La reina Megara lideró el viaje, cabalgando en su yegua blanca, la más veloz de todo Advaland, gracias al arduo entrenamiento que proporcionaban los jinetes de la realeza. Le seguía un grupo importante de soldados acarreando catapultas y ballestas enormes, lo cual intrigó a la menor de los dragones negros, Raneri.
—¿Por qué los humanos traen armas para luchar? ¿Con nosotros no basta? —preguntó mirando a uno de sus hermanos mayores, Rakuzen, quien solía investigar otras culturas para las misiones que les encomendaban. Mientras los demás se concentraban en mejorar sus habilidades en combate, él lo hacía en alimentar sus conocimientos. Una pequeña parte de la población de estos dragones se encargaba de aprender idiomas e historia, por este motivo poseían una enorme biblioteca en la ciudad principal de Akarum, comentada por los investigadores extranjeros como la más grande del continente Storang.
—Son soldados, es lógico que luchen para cumplir con los propósitos de su rey —respondió, sin lograr aclarar las dudas.
—No los entiendo —dijo Raneri colocando los brazos detrás de la nuca—. Como sea, su líder ya nos pagó por esta misión.
—Será emocionante enfrentarnos a los gigantes —agregó Rian Chu, el tercer hermano mayor para Raneri, y el más cercano a ella.

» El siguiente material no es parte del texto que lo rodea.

(* Let $r\in\mathbb{R}$. For all integers $n,m,k\ge 0$ with $n\ge m+k$, \[ \binom{k+m}{m} S_2(n,m+k) = \sum_{n_1=m}^n \sum_{l=0}^m \sum_{j=0}^k \binom{n_1}{l}\binom{n-n_1}{j}\binom{n}{n_1} (-1)^{l+j} r^{l+j} S_{2,r}(n_1-l,m-l)\, S_{2,r}(n-n_1-j,k-j). \]
   Context: $S_2(n,k)$ denotes the Stirling numbers of the second kind, $\frac{1}{k!}(e^t-1)^k = \sum_{n\ge k} S_2(n,k)\frac{t^n}{n!}$. For $r\in\mathbb{R}$ and integer $k\ge 0$, the extended Stirling numbers of the second kind $S_{2,r}(n,k)$ are defined by $\frac{1}{k!}(e^t-1+rt)^k = \sum_{n=k}^\infty S_{2,r}(n,k)\frac{t^n}{n!}$, with $S_{2,r}(a,b)=0$ whenever $a<b$, and $\binom{a}{b}=0$ for $b>a$. *)

From HB Require Import structures.
From mathcomp Require Import all_boot all_order all_algebra.
From mathcomp Require Import reals.
Set Implicit Arguments. Unset Strict Implicit. Unset Printing Implicit Defensive.
Import Order.TTheory GRing.Theory Num.Theory.
Local Open Scope ring_scope.

(* Truncation of e^t - 1 to degree N: sum_{i=1}^N t^i / i!.
   Coefficients of t^n for n <= N of any power of (expm1_trunc N + r t)
   coincide with those of the formal power series (e^t - 1 + r t)^k. *)
Definition expm1_trunc (R : fieldType) (N : nat) : {poly R} :=
  \sum_(1 <= i < N.+1) (i`!%:R)^-1 *: 'X^i.

(* Extended Stirling numbers of the second kind:
   (1/k!) (e^t - 1 + r t)^k = sum_n S_{2,r}(n,k) t^n / n!,
   i.e. S_{2,r}(n,k) = n!/k! [t^n] (e^t - 1 + r t)^k. *)
Definition S2r (R : fieldType) (r : R) (n k : nat) : R :=
  n`!%:R / k`!%:R * ((expm1_trunc R n + r *: 'X) ^+ k)`_n.

(* Stirling numbers of the second kind:
   (1/k!) (e^t - 1)^k = sum_n S_2(n,k) t^n / n!. *)
Definition S2 (R : fieldType) (n k : nat) : R :=
  n`!%:R / k`!%:R * ((expm1_trunc R n) ^+ k)`_n.

(* Since (e^t - 1 + r t)^(m+k) is the product of the m-th and k-th powers,
   comparing coefficients of t^n gives the binomial convolution
   C(m+k,m) S_{2,r}(n,m+k) = sum_n1 C(n,n1) S_{2,r}(n1,m) S_{2,r}(n-n1,k),
   used here with r = 0, as S_2 = S_{2,0}.  Expanding
   e^t - 1 = (e^t - 1 + r t) - r t binomially then gives
   S_2(a,m) = sum_l C(a,l) (-r)^l S_{2,r}(a-l,m-l) for both factors. *)

From HB Require Import structures.
From mathcomp Require Import all_boot all_order all_algebra.
From mathcomp Require Import reals.
From mathcomp Require Import zify ring.
Set Implicit Arguments. Unset Strict Implicit. Unset Printing Implicit Defensive.
Import Order.TTheory GRing.Theory Num.Theory.
Local Open Scope ring_scope.

Lemma coef_exprn_eq_le (R : nzRingType) (p q : {poly R}) a :
  (forall i, (i <= a)%N -> p`_i = q`_i) ->
  forall b i, (i <= a)%N -> (p ^+ b)`_i = (q ^+ b)`_i.
Proof.
move=> eq_pq; elim=> [|b IHb] i le_ia; first by rewrite !expr0.
rewrite !exprS !coefM; apply: eq_bigr => j _.
have lt_ji := ltn_ord j.
by rewrite eq_pq ?IHb //; lia.
Qed.

Lemma coef_exprn_lt (R : nzRingType) (p : {poly R}) m i :
  p`_0 = 0 -> (i < m)%N -> (p ^+ m)`_i = 0.
Proof.
move=> p0; elim: m i => [|m IHm] i // lt_im.
rewrite exprS coefM big1 // => j _.
have lt_ji := ltn_ord j.
have [->|j_gt0] := posnP j; first by rewrite p0 mul0r.
by rewrite IHm ?mulr0 //; lia.
Qed.

Lemma coef_expm1_trunc (R : fieldType) N i :
  (expm1_trunc R N)`_i = if (0 < i <= N)%N then i`!%:R^-1 else 0.
Proof.
elim: N => [|N IHN].
  by rewrite /expm1_trunc big_geq // coef0; case: ifP => // /andP[]; lia.
rewrite /expm1_trunc big_nat_recr //= -/(expm1_trunc R N).
rewrite coefD IHN coefZ coefXn.
have [->|ne_iN] := eqVneq i N.+1; first by rewrite ltnn andbF leqnn mulr1 add0r.
rewrite mulr0 addr0.
by case: ifP => h1; case: ifP => h2 //; move: h1 h2 ne_iN; lia.
Qed.

Lemma fact_natr_neq0 (R : numDomainType) n : (n`!%:R : R) != 0.
Proof. by rewrite pnatr_eq0 -lt0n fact_gt0. Qed.

Lemma bin_natr_fact (R : numFieldType) a l : (l <= a)%N ->
  ('C(a, l)%:R : R) = a`!%:R / (l`!%:R * (a - l)`!%:R).
Proof.
move=> le_la; rewrite -(bin_fact le_la) !natrM mulfK //.
by rewrite mulf_neq0 ?fact_natr_neq0.
Qed.

(* [S2r r a b] truncates e^t - 1 at order a; any higher order N gives the
   same coefficient. *)
Lemma coef_expm1_truncX_exprn (R : numFieldType) (r : R) N a b :
  (a <= N)%N ->
  ((expm1_trunc R N + r *: 'X) ^+ b)`_a = b`!%:R / a`!%:R * S2r r a b.
Proof.
move=> le_aN.
have eq_low i : (i <= a)%N ->
    (expm1_trunc R N + r *: 'X)`_i = (expm1_trunc R a + r *: 'X)`_i.
  rewrite !coefD !coefZ !coef_expm1_trunc => le_ia; congr (_ + _).
  by case: ifP => h1; case: ifP => h2 //; move: h1 h2; lia.
rewrite /S2r (coef_exprn_eq_le eq_low) //; field.
by rewrite !fact_natr_neq0.
Qed.

Lemma S2r_small (R : fieldType) (r : R) a b : (a < b)%N -> S2r r a b = 0.
Proof.
move=> lt_ab; rewrite /S2r coef_exprn_lt ?mulr0 //.
by rewrite coefD coefZ coef_expm1_trunc coefX mulr0 addr0.
Qed.

Lemma S2r_convolution (R : numFieldType) (r : R) n m k :
  'C(m + k, m)%:R * S2r r n (m + k) =
  \sum_(0 <= i < n.+1) 'C(n, i)%:R * S2r r i m * S2r r (n - i) k.
Proof.
rewrite big_mkord {1}/S2r exprD coefM !mulr_sumr.
apply: eq_bigr => -[i /= lt_in] _.
rewrite !coef_expm1_truncX_exprn ?leq_subr //.
rewrite !bin_natr_fact ?leq_addr // addKn; field.
by rewrite !fact_natr_neq0.
Qed.

Lemma S2r_shift (R : numFieldType) (r s : R) a m :
  S2r s a m =
  \sum_(l < m.+1) 'C(a, l)%:R * (s - r) ^+ l * S2r r (a - l) (m - l).
Proof.
rewrite {1}/S2r.
have -> : expm1_trunc R a + s *: 'X =
          (expm1_trunc R a + r *: 'X) + (s - r) *: 'X.
  by rewrite -addrA -scalerDl addrCA subrr addr0.
rewrite exprDn coef_sum mulr_sumr; apply: eq_bigr => -[l /=].
rewrite ltnS => le_lm _.
rewrite coefMn exprZn -scalerAr coefZ coefMXn.
have [lt_al|le_la] := ltnP a l.
  by rewrite (bin_small lt_al) !(mulr0, mul0r, mul0rn, mulr0n).
rewrite coef_expm1_truncX_exprn ?leq_subr // -(mulr_natr _ 'C(m, l)).
rewrite !bin_natr_fact //; field.
by rewrite !fact_natr_neq0.
Qed.

Lemma S2_S2r0 (R : fieldType) n k : S2 R n k = S2r 0 n k.
Proof. by rewrite /S2 /S2r scale0r addr0. Qed.

Theorem mainTheorem7 (R : realType) (r : R) (n m k : nat) :
  (m + k <= n)%N ->
  ('C(k + m, m))%:R * S2 R n (m + k) =
  \sum_(m <= n1 < n.+1) \sum_(l < m.+1) \sum_(j < k.+1)
    ('C(n1, l))%:R * ('C(n - n1, j))%:R * ('C(n, n1))%:R
    * (-1) ^+ (l + j) * r ^+ (l + j)
    * S2r r (n1 - l) (m - l) * S2r r (n - n1 - j) (k - j).
Proof.
move=> le_mkn.
rewrite S2_S2r0 [(k + m)%N]addnC S2r_convolution.
have le_mn : (m <= n.+1)%N by lia.
rewrite (big_cat_nat (leq0n m) le_mn) /=.
rewrite big_nat big1 ?add0r => [|i /andP[_ lt_im]]; last first.
  by rewrite S2r_small // mulr0 mul0r.
apply: eq_bigr => n1 _.
rewrite !(S2r_shift r) sub0r [X in X * _]mulr_sumr mulr_suml.
apply: eq_bigr => l _.
rewrite mulr_sumr; apply: eq_bigr => j _.
rewrite !exprD (exprNn r l) (exprNn r j); ring.
Qed.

Eran inseparables, entrenaban para mantener su forma dragonaria como los demás; tanto Raito como Rakuzen, contaban con años de experiencia, que para los dragones negros, era extremadamente valioso.
Raneri borró su sonrisa y miró atrás, al final del grupo se encontraba Elías. Según había escuchado era el capitán de la guardia real de Empirio. No comprendía por qué, a diferencia de sus subordinados, no contaba con una armadura que lo protegiera. Acudió nuevamente a la sabiduría de Rakuzen.
—¿Por qué ese sujeto no viste armadura?
Ya agotado de las preguntas, y del largo camino que emprendieron, Rakuzen suspiró y se limitó a suponer que la fuerza del capitán le permitía afrontar a sus enemigos sin necesidad de protección. Leyó que varios guerreros humanos se lanzaban a las batallas apenas con una espada o una lanza, abatiendo a criaturas que duplicaban su tamaño. Eran historias de héroes antiguos, que se propagaron primero en baladas y luego en escrituras.
Raneri no pudo evitar burlarse, con el simple hecho de imaginar a un humano enfrentándose valerosamente a un gigante, era absurdo.
—Un solo golpe de un gigante lo volaría por los aires.
En ese preciso momento, Raito pisó firme, provocando un temblor en el suelo que obligó a sus hermanos a desequilibrarse y caer. Al mismo tiempo, el caballo de Elías enloqueció.
—Guarden silencio. Estamos en medio de una misión —ordenó Raito, poniendo a los hermanos en su lugar. Él era el que respondía por el grupo de dragones, trataba con los reyes y recibía la paga en nombre de todos. Siendo el mayor de su familia, debía poner los límites para no ser la burla de los demás. Los dragones negros tenían prohibido juzgar a sus clientes, preguntar de más o cuestionarlos.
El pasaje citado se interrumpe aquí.